Personally, I do not believe that ideas come in the form of a bang or that they travel in continuous flocks. A one that does is actually heaven-sent and you are the luckiest bastard alive for that. Simply put, you have to toil for them to come and most of the time, that toiling effort really makes your piece of work worthy of praise and admiration even though it is probably not at all worthy of mention for the Pulitzer. After considering all accounts, I thought of the possible logical reasons to why this enigmatic urge surfaces itself as of right now and haunts me by what I take my creativity’s pleasure the most. Is it of a subconscious origin, which tries to inform me of something? If it is, then what is the message and what relevance does it have to me now?

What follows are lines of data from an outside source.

(* Let $\mathcal C$ be a set of cycles and $m\ge1$. There exists a nonsingular $m$-stage FSR $f$ with $\Omega(f)=\mathcal C$ if and only if (i) $\sum_{c\in\mathcal C}\mathrm{per}(c)=2^m$, and (ii) the map $v\mapsto \mathrm{lbit}_m(v)$ is injective on $\bigcup_{c\in\mathcal C}\Omega_{m+1}(c)$.
   Context: An $m$-stage FSR with feedback logic $f_1:\{0,1\}^m\to\{0,1\}$ has state transformation $F(x_0,\dots,x_{m-1})=(x_1,\dots,x_{m-1},f_1(x_0,\dots,x_{m-1}))$ and generates the binary sequences $s:\mathbb Z\to\{0,1\}$ with $s(t+m)=f_1(s(t),\dots,s(t+m-1))$ for all $t$; it is nonsingular if $F$ is bijective. A periodic sequence $s$ of least period $p$ determines the cycle $[s(0),\dots,s(p-1)]$ (shifts of $s$ give the same cycle), with $\mathrm{per}(c)=p$. The cycle structure $\Omega(f)$ is the set of cycles of the sequences generated by $f$. For a cycle $c$ given by $s$ with period $p$, $\Omega_k(c)=\{(s(i),s((i+1)\bmod p),\dots,s((i+k-1)\bmod p)):0\le i<p\}\subseteq\{0,1\}^k$. For $v=(a_1,\dots,a_{m+1})$, $\mathrm{lbit}_m(v)=(a_2,\dots,a_{m+1})$ (last $m$ coordinates). *)

From mathcomp Require Import all_boot all_order all_algebra.
Set Implicit Arguments. Unset Strict Implicit. Unset Printing Implicit Defensive.
Import GRing.Theory Num.Theory.

Definition window (m : nat) (s : int -> bool) (t : int) : m.-tuple bool :=
  [tuple s (t + Posz i)%R | i < m].

(* State transformation F(x_0..x_{m-1}) = (x_1, .., x_{m-1}, f1(x_0..x_{m-1})). *)
Definition fsr_step (m : nat) (f : m.-tuple bool -> bool) (x : m.-tuple bool)
  : m.-tuple bool :=
  [tuple nth (f x) (tval x) i.+1 | i < m].

Definition nonsingular (m : nat) (f : m.-tuple bool -> bool) : Prop :=
  bijective (fsr_step f).

Definition generates (m : nat) (f : m.-tuple bool -> bool) (s : int -> bool) : Prop :=
  forall t : int, s (t + Posz m)%R = f (window m s t).

Definition is_period (s : int -> bool) (p : nat) : Prop :=
  forall t : int, s (t + Posz p)%R = s t.

Definition least_period (s : int -> bool) (p : nat) : Prop :=
  (0 < p)%N /\ is_period s p /\ forall q : nat, (0 < q < p)%N -> ~ is_period s q.

(* A cycle is represented by a word [s(0),...,s(p-1)] (p the least period),
   i.e. a nonempty primitive word, words being identified up to rotation. *)
Definition cycle_word (s : int -> bool) (p : nat) : seq bool :=
  [seq s (Posz i) | i <- iota 0 p].

Definition is_cycle (w : seq bool) : bool :=
  (0 < size w)%N && all (fun q => rot q w != w) (iota 1 (size w).-1).

Definition same_cycle (u v : seq bool) : bool :=
  has (fun i => rot i u == v) (iota 0 (size u)).

Definition per (c : seq bool) : nat := size c.

Definition cycle_set (C : seq (seq bool)) : Prop :=
  all is_cycle C /\
  forall i j, (i < size C)%N -> (j < size C)%N ->
    same_cycle (nth [::] C i) (nth [::] C j) -> i = j.

Definition in_Omega (m : nat) (f : m.-tuple bool -> bool) (c : seq bool) : Prop :=
  exists (s : int -> bool) (p : nat),
    generates f s /\ least_period s p /\ same_cycle (cycle_word s p) c.

Definition Omega_eq (m : nat) (f : m.-tuple bool -> bool) (C : seq (seq bool)) : Prop :=
  forall c, is_cycle c -> (in_Omega f c <-> has (same_cycle c) C).

Definition Omega_k (k : nat) (c : seq bool) : seq (seq bool) :=
  [seq [seq nth false c ((i + j) %% size c) | j <- iota 0 k] | i <- iota 0 (size c)].

Definition lbit (m : nat) (v : seq bool) : seq bool := drop (size v - m) v.

From mathcomp Require Import all_boot all_order all_algebra.
From mathcomp Require Import zify.
From Stdlib Require Import Classical.
Set Implicit Arguments. Unset Strict Implicit. Unset Printing Implicit Defensive.
Import GRing.Theory Num.Theory.
Lemma normal_min_coef_eq0 (s : seq (k * seq letter)) t0 :
  (forall t, t \in s -> normal_word t.2) ->
  (forall g h, \sum_(t <- s) t.1 * wentry t.2 g h = 0) ->
  t0 \in s -> (forall t, t \in s -> d_length t0.2 <= d_length t.2)%N ->
  \sum_(t <- s | t.2 == t0.2) t.1 = 0.
Proof.
move=> ns s0 t0s min_t0; set u0 := t0.2.
have := s0 (d_occ u0) (x_occ u0); rewrite (bigID (fun t => t.2 == u0)) /=.
rewrite [X in _ + X]big_seq_cond [X in _ + X]big1 ?addr0; last first.
  move=> t /andP[ts ne]; apply/eqP; rewrite mulf_eq0; apply/orP; right.
  apply: contraR ne => /(normal_wentry_unique (ns t ts) (ns t0 t0s) (min_t0 t ts)).
  by move=> ->.
rewrite (eq_bigr (fun t => t.1 * wentry u0 (d_occ u0) (x_occ u0))) -?mulr_suml.
  by move/eqP; rewrite mulf_eq0 (negPf (normal_wentry_self (ns t0 t0s))) orbF => /eqP.
by move=> t /eqP ->.
Qed.

End CharacteristicZero.
End Fock.

Section FockAction.
Variables (k : fieldType) (A : algType k) (x d : 'I_N -> A) (f : A -> lend k 'I_N).
Hypotheses (fhom : is_alg_hom f) (char0 : [pchar k] =i pred0).
Hypotheses (fx : forall i, f (x i) = fock_x k i) (fd : forall i, f (d i) = fock_d k i).
Local Notation word := (cw_word x d).

Lemma alg_hom_word w : f (word w) = cw_word (fock_x k) (fock_d k) w.
Proof.
case: fhom => _ fM f1; elim: w => [|l w IH].
  by rewrite word_nil f1 /cw_word big_nil.
rewrite word_cons fM IH /cw_word big_cons.
by case: l => [[] i]; rewrite /cw_letter /= ?fx ?fd.
Qed.

Lemma alg_hom_spanned_entry (s : seq (k * seq letter)) (G : seq letter -> seq letter) g h :
  f (\sum_(t <- s) t.1 *: word (G t.2)) (dirac k g) h =
  \sum_(t <- s) t.1 * wentry k (G t.2) g h.
Proof.
case: fhom => f_lin _ _; rewrite (linear_fun_sum f_lin s (word \o G)).
elim: s => [|t s IH]; first by rewrite !big_nil.
rewrite !big_cons lend_addE lend_scaleE IH /= alg_hom_word fock_word_dirac.
by rewrite /wentry /dirac eq_sym.
Qed.

Section Faithfulness.
Hypothesis hrel : cw_relations p q sgn x d.

Lemma normal_words_free (s : seq (k * seq letter)) :
  (forall t, t \in s -> normal_word t.2) ->
  (forall g h, \sum_(t <- s) t.1 * wentry k t.2 g h = 0) ->
  \sum_(t <- s) t.1 *: word t.2 = 0.
Proof.
have [n] := ubnP (size s); elim: n s => // n IHn s size_s ns s0.
have [->|[t1 t1s]] : s = [::] \/ exists t1, t1 \in s.
  by case: s {size_s ns s0} => [|t1 s']; [left | right; exists t1; exact: mem_head].
  by rewrite big_nil.
have [t0 t0s min_t0] := seq_argmin (fun t : k * seq letter => d_length t.2) t1s.
have c0 := normal_min_coef_eq0 char0 ns s0 t0s min_t0.
rewrite (bigID (fun t => t.2 == t0.2)) /= (eq_bigr (fun t => t.1 *: word t0.2)).
  rewrite -scaler_suml c0 scale0r add0r -big_filter; apply: IHn.
  - rewrite size_filter -ltnS; apply: leq_trans size_s.
    rewrite -(count_predC (fun t : k * seq letter => t.2 != t0.2)) -addn1 leq_add2l.
    by rewrite -has_count; apply/hasP; exists t0 => //=; rewrite negbK.
  - by move=> t; rewrite mem_filter => /andP[_ /ns].
  - move=> g h; rewrite big_filter; have := s0 g h.
    rewrite (bigID (fun t => t.2 == t0.2)) /=.
    rewrite (eq_bigr (fun t => t.1 * wentry k t0.2 g h)) -?mulr_suml ?c0 ?mul0r ?add0r //.
    by move=> t /eqP ->.
by move=> t /eqP ->.
Qed.
Local Notation T := (n * t - k * t)%N.
Local Notation M := (Lspan (\bigcup_(X in Bset (Fpoints_of q Pi)) X)).

Definition cone_vectors := \bigcup_(b in Bb) (Om * b)%g.
Local Notation K := cone_vectors.

Lemma T_ge4 : (4 <= T)%N.
Proof. by rewrite -mulnBl (leq_trans t_ge4) // leq_pmull // subn_gt0. Qed.

Lemma Fsub_Pi : Fsub q Pi. Proof. by case: HPi. Qed.
Lemma Fsub_Om : Fsub q Om. Proof. by case: HOm. Qed.
Lemma Fsub_Ga : Fsub q Ga. Proof. by case: HGa. Qed.
Lemma Lsub_nu : Lsub nu. Proof. by case: Hnu. Qed.
Lemma Lsub_M : Lsub M. Proof. by case: HM. Qed.

Lemma card_Pi : #|Pi| = (q ^ (T + 2))%N.
Proof. by case: HPi => _ ->; rewrite -addnS. Qed.

Lemma card_Om : #|Om| = (q ^ (T - 1))%N.
Proof. by case: HOm => _ ->; congr (_ ^ _)%N; have := T_ge4; lia. Qed.

Lemma card_Om_nu : #|Om :&: nu| = (q ^ (T - 3))%N.
Proof. by case: HOm_nu => _ ->; congr (_ ^ _)%N; have := T_ge4; lia. Qed.

Lemma card_Ga : #|Ga| = (q ^ 3)%N.
Proof. by case: HGa. Qed.

Lemma card_nu : #|nu| = (q ^ T)%N.
Proof. by case: Hnu => _ ->; rewrite cardL -expnM mulnC mulnBl. Qed.

Lemma card_M : #|M| = (#|L| ^ (n - k + 2))%N.
Proof. by case: HM => _ ->; rewrite -addnS. Qed.

Lemma Pi_M : Pi \subset M.
Proof. exact: subset_Lspan_Bset_Fpoints Fsub_Pi. Qed.

Lemma Om_Ga_eq0 x : x \in Om -> x \in Ga -> x = 0.
Proof. by move=> xOm xGa; apply/set1P; rewrite -Ga_Om inE xGa. Qed.

Lemma Om_nu : (Om * nu)%g = Pi.
Proof.
apply/eqP; rewrite eqEcard muls_subset ?Fsub_Pi //=.
rewrite -(leq_pmul2r (card_Fsub_gt0 (FsubI Fsub_Om (Lsub_Fsub Lsub_nu)))).
rewrite -(card_muls Fsub_Om (Lsub_Fsub Lsub_nu)).
rewrite card_Pi card_Om card_nu card_Om_nu -!expnD.
by rewrite leq_exp2l //; have := T_ge4; lia.
Qed.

I do feel that whatever it is, it has done its job very well. This time around I may or may not be able to finish the things that I left behind. However, unlike the time constraint reason iterated before, I would say that no existing excuse could get me off the hook this time. It would be disgraceful to admit that a drought of ideas had had its draining claw on my skull or that I have lost my Midas touch that once had always mystified readers with its magic of riveting words and swiftness of rhetorical fluency. Blatantly and bold, I pompously pronounce deliberate procrastination as to why I abandon (again) the work on my essays, in the hopes that the bright sunny sky would invigorate me with motivation and the warm summer breeze would bring me those damned flocks of ideas.